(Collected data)
BEGIN
(* Let $n\geq 2$ be an integer, and for real $x$ let $\omega=\frac{x+\sqrt{x^2+4}}{2}$. Then $$\Psi_n(x)=\begin{cases}-\dfrac{\Phi_n(-\omega^2)}{\omega^{\varphi(n)}}&\text{if } n=2;\\[2ex] \dfrac{\Phi_n(-\omega^2)}{\omega^{\varphi(n)}}&\text{if } n\geq 3.\end{cases}$$ Equivalently, since $\omega-\omega^{-1}=x$, $\Psi_n(\omega-\omega^{-1})$ equals the right-hand side.
   Context: The Fibonacci polynomials are defined by $F_1(x)=1$, $F_2(x)=x$, and $F_n(x)=xF_{n-1}(x)+F_{n-2}(x)$ for $n\geq 3$. For $n\geq 2$, the $n$-th fibotomic polynomial $\Psi_n(x)\in\mathbb{Z}[x]$ is the product of the monic irreducible factors of $F_n(x)$ which are not factors of $F_k(x)$ for any $k<n$; also $\Psi_1(x)=1$. Thus $F_n(x)=\prod_{d\mid n}\Psi_d(x)$ for all $n\geq1$. $\Phi_n(x)$ denotes the $n$-th cyclotomic polynomial and $\varphi$ is Euler's totient function. *)

From HB Require Import structures.
From mathcomp Require Import all_boot all_order all_algebra all_field.
Set Implicit Arguments. Unset Strict Implicit. Unset Printing Implicit Defensive.
Import Order.TTheory GRing.Theory Num.Theory.
Local Open Scope ring_scope.

(* Fibonacci polynomials over Q: F_0 = 0, F_1 = 1, F_(n+2) = X F_(n+1) + F_n.
   (So F_1 = 1, F_2 = X as in the paper.) *)
Fixpoint fibp_pair (n : nat) : {poly rat} * {poly rat} :=
  match n with
  | 0 => (0, 1)
  | m.+1 => let: (a, b) := fibp_pair m in (b, 'X * b + a)
  end.
Definition fibp (n : nat) : {poly rat} := (fibp_pair n).1.

(* p is the n-th fibotomic polynomial: p is the product of the (distinct)
   monic irreducible factors (over Q) of F_n that do not divide any F_k, 1<=k<n.
   Being such a product is expressed as: p is monic, squarefree, and its monic
   irreducible divisors are exactly those factors. *)
Definition is_fibotomic (n : nat) (p : {poly rat}) : Prop :=
  [/\ p \is monic,
      (forall q : {poly rat}, irreducible_poly q -> ~~ (q ^+ 2 %| p)) &
      (forall q : {poly rat}, q \is monic -> irreducible_poly q ->
         (q %| p) = (q %| fibp n) && [forall k : 'I_n, (0 < val k)%N ==> ~~ (q %| fibp k)])].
END
TASK BRIEF: Wherever the line holding "Context: The Fibonacci" falls in the entries above, copy exactly from it through the line holding "(* Fibonacci polynomials", inclusive, and add nothing.

TASK OUTPUT:
   Context: The Fibonacci polynomials are defined by $F_1(x)=1$, $F_2(x)=x$, and $F_n(x)=xF_{n-1}(x)+F_{n-2}(x)$ for $n\geq 3$. For $n\geq 2$, the $n$-th fibotomic polynomial $\Psi_n(x)\in\mathbb{Z}[x]$ is the product of the monic irreducible factors of $F_n(x)$ which are not factors of $F_k(x)$ for any $k<n$; also $\Psi_1(x)=1$. Thus $F_n(x)=\prod_{d\mid n}\Psi_d(x)$ for all $n\geq1$. $\Phi_n(x)$ denotes the $n$-th cyclotomic polynomial and $\varphi$ is Euler's totient function. *)

From HB Require Import structures.
From mathcomp Require Import all_boot all_order all_algebra all_field.
Set Implicit Arguments. Unset Strict Implicit. Unset Printing Implicit Defensive.
Import Order.TTheory GRing.Theory Num.Theory.
Local Open Scope ring_scope.

(* Fibonacci polynomials over Q: F_0 = 0, F_1 = 1, F_(n+2) = X F_(n+1) + F_n.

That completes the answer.